Diabetes and the holidays damage control

Diabetes and the holidays, damage control

By Dianne Anderson

Special to the NNPA from The Precinct Reporter

      From now until after New Year’s, everyone is breaking out the Christmas cakes and cookies, the breads, the cobblers, the sweet potato pies, and just another helping of that mac ‘n cheese, please. Yum.

     But before it’s all over, expect another 10 pounds and an inch to the waistline, or worse.

     With every bite, some of the best weight loss gurus say chew on this: Breads, potatoes, pastas

and even white rice turns to sugar and fat inside the body.

     Valerie Loduem, associate director of African American program for the American Diabetes Association, admits that getting through the holidays is always tough when it comes to exercising control, but it doesn’t have to be painful or tasteless.

     Still, people need to become mindful of what they’re eating, she said. In the age of health

consciousness, gorging is so passe.

     This time of the year, she is stressing that people look down at their plates before they dive in. Borderline diabetics and those with full blown Type 2 diabetes need to especially watch their complex carbohydrates with total moderation in mind.
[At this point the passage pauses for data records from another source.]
Lemma Cexpi_add (s t : R) : Cmul (Cexpi s) (Cexpi t) = Cexpi (s + t).
Proof. apply Cplx_ext; simpl; [rewrite cos_plus | rewrite sin_plus]; ring. Qed.

Lemma Cexpi_zero (s : R) : s = 0 -> Cexpi s = C1.
Proof. intros ->; apply Cplx_ext; simpl; [apply cos_0 | apply sin_0]. Qed.

Lemma Cexpi_mul_cancel (s : R) (z w : Cplx) : Cmul (Cexpi s) z = w -> z = Cmul (Cexpi (- s)) w.
Proof. intros <-. rewrite Cmul_assoc, Cexpi_add, Cexpi_zero, Cmul_1_l by ring; reflexivity. Qed.

Lemma qpow_add (k : nat) (s t : R) : Cmul (qpow k s) (qpow k t) = qpow k (s + t).
Proof. unfold qpow; rewrite Cexpi_add; f_equal; unfold Rdiv; ring. Qed.

Lemma qpow_zero (k : nat) (s : R) : s = 0 -> qpow k s = C1.
Proof. intros ->; apply Cexpi_zero; unfold Rdiv; ring. Qed.

Lemma qpow_mul_cancel (k : nat) (s : R) (z w : Cplx) :
  Cmul (qpow k s) z = w -> z = Cmul (qpow k (- s)) w.
Proof. intros <-. rewrite Cmul_assoc, qpow_add, qpow_zero, Cmul_1_l by ring; reflexivity. Qed.

Lemma qpow_period (k t : nat) : (0 < k)%nat -> qpow k (INR (2 * k * t)) = C1.
Proof.
  intros Hk. assert (Hk' : INR k <> 0) by (apply not_0_INR; lia).
  unfold qpow, Cexpi. replace (PI * INR (2 * k * t) / INR k) with (0 + 2 * INR t * PI)
    by (rewrite !mult_INR; simpl INR; field; auto).
  rewrite cos_period, sin_period, cos_0, sin_0; reflexivity.
Qed.

Lemma qpow_eq_1 (k l : nat) : (0 < k)%nat -> qpow k (INR l) = C1 -> (l mod (2 * k) = 0)%nat.
Proof.
  intros Hk H. assert (Hk' : INR k <> 0) by (apply not_0_INR; lia).
  unfold qpow, Cexpi in H. injection H as Hc Hs. set (th := PI * INR l / INR k) in *.
  assert (Hhalf : sin (th / 2) = 0).
  { pose proof (cos_2a_sin (th / 2)) as E. replace (2 * (th / 2)) with th in E by field. nra. }
  destruct (sin_eq_0_0 _ Hhalf) as [K HK].
  assert (Hl : INR l = 2 * INR k * IZR K).
  { pose proof PI_RGT_0. apply (Rmult_eq_reg_l (PI / (2 * INR k))).
    - transitivity (th / 2); [unfold th; field; auto | rewrite HK; field; auto].
    - apply Rmult_integral_contrapositive_currified; [lra | apply Rinv_neq_0_compat; lra]. }
  rewrite !INR_IZR_INZ, <- !mult_IZR in Hl. apply eq_IZR in Hl.
  apply Nat2Z.inj. rewrite Nat2Z.inj_mod, Hl, Nat2Z.inj_mul, Z.mul_comm, Z.mod_mul; lia.
Qed.

Lemma geometric_telescope (k : nat) (s : R) (n : nat) :
  Cmul (qpow k s) (Csum n (fun j => qpow k (INR j * s))) =
  Cadd (Csum n (fun j => qpow k (INR j * s))) (Csub (qpow k (INR n * s)) C1).
Proof.
  induction n as [|n IH].
  - cbn [Csum]; rewrite (qpow_zero k (INR 0 * s)) by (simpl; ring); Cring.
  - change (Csum (S n) ?f) with (Cadd (Csum n f) (f n)); cbv beta.
    transitivity (Cadd (Cmul (qpow k s) (Csum n (fun j => qpow k (INR j * s))))
                       (Cmul (qpow k s) (qpow k (INR n * s)))); [Cring|].
    rewrite IH, qpow_add, S_INR, (Rplus_comm (INR n) 1), Rmult_plus_distr_r, Rmult_1_l.
    Cring.
Qed.

Lemma geometric_roots (k l : nat) : (0 < k)%nat ->
  Csum (2 * k) (fun j => qpow k (INR j * INR l)) =
  if Nat.eqb (l mod (2 * k)) 0 then RtoC (INR (2 * k)) else C0.
Proof.
  intros Hk. destruct (Nat.eqb_spec (l mod (2 * k)) 0) as [H | H].
  - destruct (proj1 (Nat.Div0.mod_divides l (2 * k)) H) as [t ->].
    rewrite (Csum_ext _ _ (fun _ => C1)), Csum_const by
      (intros j _; rewrite <- mult_INR, Nat.mul_comm, <- Nat.mul_assoc; apply qpow_period; auto).
    Cring.
  - pose proof (geometric_telescope k (INR l) (2 * k)) as E.
    rewrite <- mult_INR, qpow_period in E by auto.
    set (S := Csum _ _) in E.
    assert (E' : Cmul (Csub (qpow k (INR l)) C1) S = C0).
    { apply Cplx_ext; apply (f_equal Cre) in E as E1; apply (f_equal Cim) in E as E2;
        simpl in *; lra. }
    destruct (Cmul_integral _ _ E') as [E1 | E1]; [|exact E1].
    exfalso; apply H, (qpow_eq_1 k l Hk).
    apply Cplx_ext; [apply (f_equal Cre) in E1 | apply (f_equal Cim) in E1]; simpl in *; lra.
Qed.

Lemma root_average (k d : nat) (F : nat -> Cplx) : (0 < k)%nat ->
  Csum (2 * k) (fun j => Csum (d * (2 * k)) (fun l => Cmul (qpow k (INR j * INR l)) (F l)))
  = Cmul (RtoC (INR (2 * k))) (Csum d (fun m => F (m * (2 * k))%nat)).
Proof.
  intros Hk. rewrite Csum_swap.
  rewrite (Csum_ext _ _ (fun l => if Nat.eqb (l mod (2 * k)) 0
                                  then Cmul (RtoC (INR (2 * k))) (F l) else C0)).
  2:{ intros l _.
      transitivity (Cmul (Csum (2 * k) (fun j => qpow k (INR j * INR l))) (F l)).
      - rewrite Cmul_comm, Csum_mul_l. apply Csum_ext; intros; apply Cmul_comm.
      - rewrite geometric_roots by auto. destruct Nat.eqb; Cring. }
  rewrite Csum_multiples, Csum_mul_l by (try lia; intros l Hl; apply Nat.eqb_neq in Hl; rewrite Hl; auto).
  apply Csum_ext; intros m _. rewrite Nat.Div0.mod_mul; reflexivity.
Qed.

Lemma Tstar_ext (k : nat) (x : E) (f g : section) (z : E) :
  (forall w, f w = g w) -> Tstar k x f z = Tstar k x g z.
Proof. intros H; unfold Tstar; rewrite H; reflexivity. Qed.

Lemma Tstar_scal (k : nat) (x : E) (c : Cplx) (f : section) (z : E) :
  Tstar k x (fun w => Cmul c (f w)) z = Cmul c (Tstar k x f z).
Proof. unfold Tstar; Cring. Qed.

Lemma Tstar_Csum (k : nat) (x : E) (n : nat) (F : nat -> section) (z : E) :
  Tstar k x (fun w => Csum n (fun l => F l w)) z = Csum n (fun l => Tstar k x (F l) z).
Proof. unfold Tstar; induction n; simpl. - Cring. - rewrite <- IHn; Cring. Qed.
     For Christmas, the best bet is always loading up on vegetables and greens, which are also high in vitamins A, C, and minerals. Another helping of turkey isn’t the culprit, but go very slow or not at all on the potatoes, candied yams, and cornbread dressing.
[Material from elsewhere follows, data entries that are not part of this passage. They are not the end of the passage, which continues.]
(* Let $\Phi_{CC}$ be a PCDS quantum channel on $\mathcal{H}_C=\mathcal{H}_A\oplus\mathcal{H}_B$, with diagonal blocks $\Phi_{AA}$ and $\Phi_{BB}$ (which are quantum channels on $\mathcal{H}_A$ and $\mathcal{H}_B$ respectively). Then $\Phi_{CC}$ is degradable if and only if both $\Phi_{AA}$ and $\Phi_{BB}$ are degradable.
   Context: All Hilbert spaces are finite-dimensional. $\mathcal{H}_C=\mathcal{H}_A\oplus\mathcal{H}_B$ with orthogonal projectors $\hat P_{AA},\hat P_{BB}$ onto the two nontrivial summands, and for an operator $\hat\Theta_{CC}$ on $\mathcal{H}_C$, $\hat\Theta_{XY}:=\hat P_{XX}\hat\Theta_{CC}\hat P_{YY}$. A quantum channel $\Phi_{CC}$ on $\mathcal{H}_C$ is PCDS if there are linear maps $\Phi_{AA},\Phi_{BB},\Phi^{(off)}_{AB},\Phi^{(off)}_{BA}$ (acting on operators $\mathcal{H}_A\to\mathcal{H}_A$, $\mathcal{H}_B\to\mathcal{H}_B$, $\mathcal{H}_B\to\mathcal{H}_A$, $\mathcal{H}_A\to\mathcal{H}_B$ respectively) with $\Phi_{CC}[\hat\Theta_{CC}]=\Phi_{AA}[\hat\Theta_{AA}]+\Phi_{BB}[\hat\Theta_{BB}]+\Phi^{(off)}_{AB}[\hat\Theta_{AB}]+\Phi^{(off)}_{BA}[\hat\Theta_{BA}]$ for all $\hat\Theta_{CC}$; equivalently, it has a Kraus set $\{\hat M^{(j)}_{CC}=\hat M^{(j)}_{AA}+\hat M^{(j)}_{BB}\}_j$ of block-diagonal operators, and then $\Phi_{XX}[\cdot]=\sum_j\hat M^{(j)}_{XX}\cdot\hat M^{(j)\dagger}_{XX}$ for $X=A,B$. For a channel $\Phi_{XX}$ with Kraus set $\{\hat M^{(j)}\}_j$ and an orthonormal set $\{|j_E\rangle\}$ of an environment space $\mathcal{H}_E$, the complementary channel is $\tilde\Phi_{EX}[\hat\Theta]=\sum_{j,j'}|j_E\rangle\langle j'_E|\,\mathrm{Tr}[\hat M^{(j')\dagger}\hat M^{(j)}\hat\Theta]$ (defined up to a unitary on $E$). $\Phi_{XX}$ is degradable if there exists a quantum channel $\Lambda_{EX}$ from $X$ to $E$ with $\tilde\Phi_{EX}=\Lambda_{EX}\circ\Phi_{XX}$. *)

(* Finite-dimensional Hilbert spaces over the complex numbers
   C = R[i] (R a real closed field of reals, R : realType); an operator on a
   d-dimensional space is a matrix 'M[R[i]]_d, an operator from an n-dim to an
   m-dim space is 'M[R[i]]_(m, n). *)
From HB Require Import structures.
From mathcomp Require Import all_boot all_order all_algebra.
From mathcomp Require Import complex.
From mathcomp Require Import reals.
Set Implicit Arguments.
Unset Strict Implicit.
Unset Printing Implicit Defensive.
Import Order.TTheory GRing.Theory Num.Theory.
Local Open Scope ring_scope.

Section QDefs.
Variable R : realType.
Local Notation C := R[i].

Definition adjmx (m n : nat) (A : 'M[C]_(m, n)) : 'M[C]_(n, m) :=
  (map_mx Num.conj A)^T.

Definition is_kraus (m n r : nat) (K : 'I_r -> 'M[C]_(m, n)) : Prop :=
  \sum_(j < r) adjmx (K j) *m K j = 1%:M.

Definition kraus_map (m n r : nat) (K : 'I_r -> 'M[C]_(m, n))
  (X : 'M[C]_n) : 'M[C]_m :=
  \sum_(j < r) (K j *m X *m adjmx (K j)).

Definition kraus_of (m n r : nat) (Phi : 'M[C]_n -> 'M[C]_m)
  (K : 'I_r -> 'M[C]_(m, n)) : Prop :=
  is_kraus K /\ forall X, Phi X = kraus_map K X.

(* Quantum channel (CPTP map) from an n-dim to an m-dim space, in Kraus form
   (finite-dimensional Kraus/Choi representation theorem). *)
Definition quantum_channel (m n : nat) (Phi : 'M[C]_n -> 'M[C]_m) : Prop :=
  exists r (K : 'I_r -> 'M[C]_(m, n)), kraus_of Phi K.

(* Complementary channel associated to the Kraus set K, with orthonormal
   basis {|j_E>}_{j<r} of the environment:
   tilde Phi[Theta] = sum_{j,j'} |j_E><j'_E| Tr[K_{j'}^dag K_j Theta]. *)
Definition complementary (m n r : nat) (K : 'I_r -> 'M[C]_(m, n))
  (Theta : 'M[C]_n) : 'M[C]_r :=
  \matrix_(j < r, j' < r) \tr (adjmx (K j') *m K j *m Theta).

(* Degradability of a channel Phi on an n-dim space X: for a Kraus set K of
   Phi, there is a quantum channel Lambda from X to E with
   tilde Phi = Lambda o Phi.  (The property does not depend on the chosen
   Kraus set; we quantify existentially.) *)
Definition degradable (n : nat) (Phi : 'M[C]_n -> 'M[C]_n) : Prop :=
  exists r (K : 'I_r -> 'M[C]_n),
    kraus_of Phi K /\
    exists Lambda : 'M[C]_n -> 'M[C]_r,
      quantum_channel Lambda /\
      forall Theta, complementary K Theta = Lambda (Phi Theta).

Definition is_linear_map (m1 n1 m2 n2 : nat)
  (f : 'M[C]_(m1, n1) -> 'M[C]_(m2, n2)) : Prop :=
  forall (c : C) x y, f (c *: x + y) = c *: f x + f y.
     “Portion control, it’s not like you can’t go through Thanksgiving without the turkey and dressing, but it doesn’t mean you have three or four or five plates of it,” Loduem said.

     In working with diabetics in the Black and minority communities, she said her biggest message is the importance of regular screenings and early diagnosis. She said the association provides any information anyone with the disease needs. Health teams are also available with resources to help clients whether they are insured, or not.

Currently, African Americans hold the lead for those impacted by the disease, and are six times more likely to be diagnosed with diabetes than whites, compared to Latinos at 1.5 times, and Asians at 1.2 times.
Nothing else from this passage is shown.